*** EXTRACTED RECORDS Section Begins ***

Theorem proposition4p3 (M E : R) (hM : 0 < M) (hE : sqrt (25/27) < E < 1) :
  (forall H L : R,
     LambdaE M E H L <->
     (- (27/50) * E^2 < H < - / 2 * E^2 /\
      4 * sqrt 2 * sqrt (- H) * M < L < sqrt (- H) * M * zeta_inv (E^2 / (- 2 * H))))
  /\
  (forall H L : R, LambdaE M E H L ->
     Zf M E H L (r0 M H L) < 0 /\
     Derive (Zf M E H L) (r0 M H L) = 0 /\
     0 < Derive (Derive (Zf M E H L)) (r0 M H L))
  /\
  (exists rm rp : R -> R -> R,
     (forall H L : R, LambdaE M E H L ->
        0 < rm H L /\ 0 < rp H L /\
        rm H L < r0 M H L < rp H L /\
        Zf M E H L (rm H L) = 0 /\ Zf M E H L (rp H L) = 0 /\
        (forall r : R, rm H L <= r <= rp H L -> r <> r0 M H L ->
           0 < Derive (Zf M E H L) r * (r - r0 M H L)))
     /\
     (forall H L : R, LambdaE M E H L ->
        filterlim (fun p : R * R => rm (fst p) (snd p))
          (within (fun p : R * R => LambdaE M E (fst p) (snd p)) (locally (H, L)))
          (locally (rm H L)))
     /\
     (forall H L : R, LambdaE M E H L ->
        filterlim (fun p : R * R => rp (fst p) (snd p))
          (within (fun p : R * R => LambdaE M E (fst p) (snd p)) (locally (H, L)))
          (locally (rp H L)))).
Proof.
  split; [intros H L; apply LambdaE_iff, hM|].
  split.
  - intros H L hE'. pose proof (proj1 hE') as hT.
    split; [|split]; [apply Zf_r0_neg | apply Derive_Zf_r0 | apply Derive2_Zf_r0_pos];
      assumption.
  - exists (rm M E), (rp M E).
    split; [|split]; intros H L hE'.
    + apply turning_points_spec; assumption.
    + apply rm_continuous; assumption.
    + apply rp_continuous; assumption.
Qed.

*** EXTRACTED RECORDS Section Ends ***
*** EXTRACTED RECORDS Section Begins ***

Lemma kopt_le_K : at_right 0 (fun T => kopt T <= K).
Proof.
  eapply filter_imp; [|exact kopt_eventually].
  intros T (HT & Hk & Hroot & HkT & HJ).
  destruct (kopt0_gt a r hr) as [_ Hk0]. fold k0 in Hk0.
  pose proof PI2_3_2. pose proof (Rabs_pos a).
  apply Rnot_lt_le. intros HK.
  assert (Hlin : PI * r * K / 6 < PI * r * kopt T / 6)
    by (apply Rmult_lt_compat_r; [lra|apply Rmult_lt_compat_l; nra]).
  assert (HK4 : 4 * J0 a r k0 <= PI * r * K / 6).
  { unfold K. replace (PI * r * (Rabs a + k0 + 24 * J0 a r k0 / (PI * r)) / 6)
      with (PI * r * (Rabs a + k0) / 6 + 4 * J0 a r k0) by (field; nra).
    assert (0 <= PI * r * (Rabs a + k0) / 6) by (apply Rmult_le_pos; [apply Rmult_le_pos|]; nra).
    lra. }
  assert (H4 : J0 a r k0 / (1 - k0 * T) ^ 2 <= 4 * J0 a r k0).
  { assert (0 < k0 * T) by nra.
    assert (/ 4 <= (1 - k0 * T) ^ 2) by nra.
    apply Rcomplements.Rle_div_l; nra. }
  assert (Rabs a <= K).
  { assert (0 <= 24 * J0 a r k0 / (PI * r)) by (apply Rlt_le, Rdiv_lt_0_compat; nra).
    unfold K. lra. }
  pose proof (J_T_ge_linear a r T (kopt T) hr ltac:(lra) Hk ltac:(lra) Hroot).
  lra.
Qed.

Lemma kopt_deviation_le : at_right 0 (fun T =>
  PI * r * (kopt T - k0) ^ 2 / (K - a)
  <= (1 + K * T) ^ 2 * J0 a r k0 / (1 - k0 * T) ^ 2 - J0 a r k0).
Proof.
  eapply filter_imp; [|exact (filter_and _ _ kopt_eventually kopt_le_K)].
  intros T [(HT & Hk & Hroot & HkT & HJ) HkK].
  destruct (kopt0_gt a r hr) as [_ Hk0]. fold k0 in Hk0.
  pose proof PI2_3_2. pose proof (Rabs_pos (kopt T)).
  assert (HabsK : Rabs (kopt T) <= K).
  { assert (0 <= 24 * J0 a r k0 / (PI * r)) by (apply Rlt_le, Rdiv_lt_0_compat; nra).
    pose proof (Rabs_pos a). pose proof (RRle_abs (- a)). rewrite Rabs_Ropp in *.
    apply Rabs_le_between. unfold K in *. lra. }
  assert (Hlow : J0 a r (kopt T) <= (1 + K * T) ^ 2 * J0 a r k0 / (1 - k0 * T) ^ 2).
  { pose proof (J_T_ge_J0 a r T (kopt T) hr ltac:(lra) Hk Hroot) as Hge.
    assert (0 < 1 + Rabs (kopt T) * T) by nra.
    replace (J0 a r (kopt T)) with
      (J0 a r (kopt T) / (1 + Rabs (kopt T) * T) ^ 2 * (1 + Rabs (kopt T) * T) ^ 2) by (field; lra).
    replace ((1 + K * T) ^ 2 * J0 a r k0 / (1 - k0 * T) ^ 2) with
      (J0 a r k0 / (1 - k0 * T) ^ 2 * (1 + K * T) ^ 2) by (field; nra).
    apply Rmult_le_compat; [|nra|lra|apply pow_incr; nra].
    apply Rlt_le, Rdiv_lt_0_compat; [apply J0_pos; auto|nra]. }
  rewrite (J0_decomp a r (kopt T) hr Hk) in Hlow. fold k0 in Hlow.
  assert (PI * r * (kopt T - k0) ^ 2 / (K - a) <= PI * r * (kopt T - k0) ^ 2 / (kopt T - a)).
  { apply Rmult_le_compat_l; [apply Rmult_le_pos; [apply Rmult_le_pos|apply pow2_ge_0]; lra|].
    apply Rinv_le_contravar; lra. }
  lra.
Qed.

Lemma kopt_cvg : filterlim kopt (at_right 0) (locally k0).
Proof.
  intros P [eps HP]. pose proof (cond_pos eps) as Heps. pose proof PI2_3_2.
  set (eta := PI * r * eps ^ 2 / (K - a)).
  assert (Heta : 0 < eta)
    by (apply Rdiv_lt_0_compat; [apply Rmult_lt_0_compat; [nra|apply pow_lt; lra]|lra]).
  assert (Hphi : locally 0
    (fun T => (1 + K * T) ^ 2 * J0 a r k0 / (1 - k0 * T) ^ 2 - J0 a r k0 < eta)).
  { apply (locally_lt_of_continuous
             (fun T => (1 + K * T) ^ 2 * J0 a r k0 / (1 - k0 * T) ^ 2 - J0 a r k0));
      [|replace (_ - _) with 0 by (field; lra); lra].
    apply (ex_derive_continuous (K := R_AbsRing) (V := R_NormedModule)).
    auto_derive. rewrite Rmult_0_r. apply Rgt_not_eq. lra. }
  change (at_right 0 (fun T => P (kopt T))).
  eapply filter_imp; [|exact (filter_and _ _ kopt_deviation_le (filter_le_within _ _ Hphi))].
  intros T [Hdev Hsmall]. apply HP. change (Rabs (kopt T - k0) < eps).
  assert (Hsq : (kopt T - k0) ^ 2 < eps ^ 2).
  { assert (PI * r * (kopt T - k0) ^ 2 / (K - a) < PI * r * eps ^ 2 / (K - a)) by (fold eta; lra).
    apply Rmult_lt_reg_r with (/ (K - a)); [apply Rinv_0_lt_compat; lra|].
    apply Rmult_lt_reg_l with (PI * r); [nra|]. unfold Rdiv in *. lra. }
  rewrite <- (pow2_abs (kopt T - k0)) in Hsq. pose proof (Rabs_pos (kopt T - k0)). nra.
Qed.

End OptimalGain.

*** EXTRACTED RECORDS Section Ends ***

Using only the listing above, restate exactly the lines from the line containing "intros T [Hdev" through the line containing "(fold eta; lra).", both included.

  intros T [Hdev Hsmall]. apply HP. change (Rabs (kopt T - k0) < eps).
  assert (Hsq : (kopt T - k0) ^ 2 < eps ^ 2).
  { assert (PI * r * (kopt T - k0) ^ 2 / (K - a) < PI * r * eps ^ 2 / (K - a)) by (fold eta; lra).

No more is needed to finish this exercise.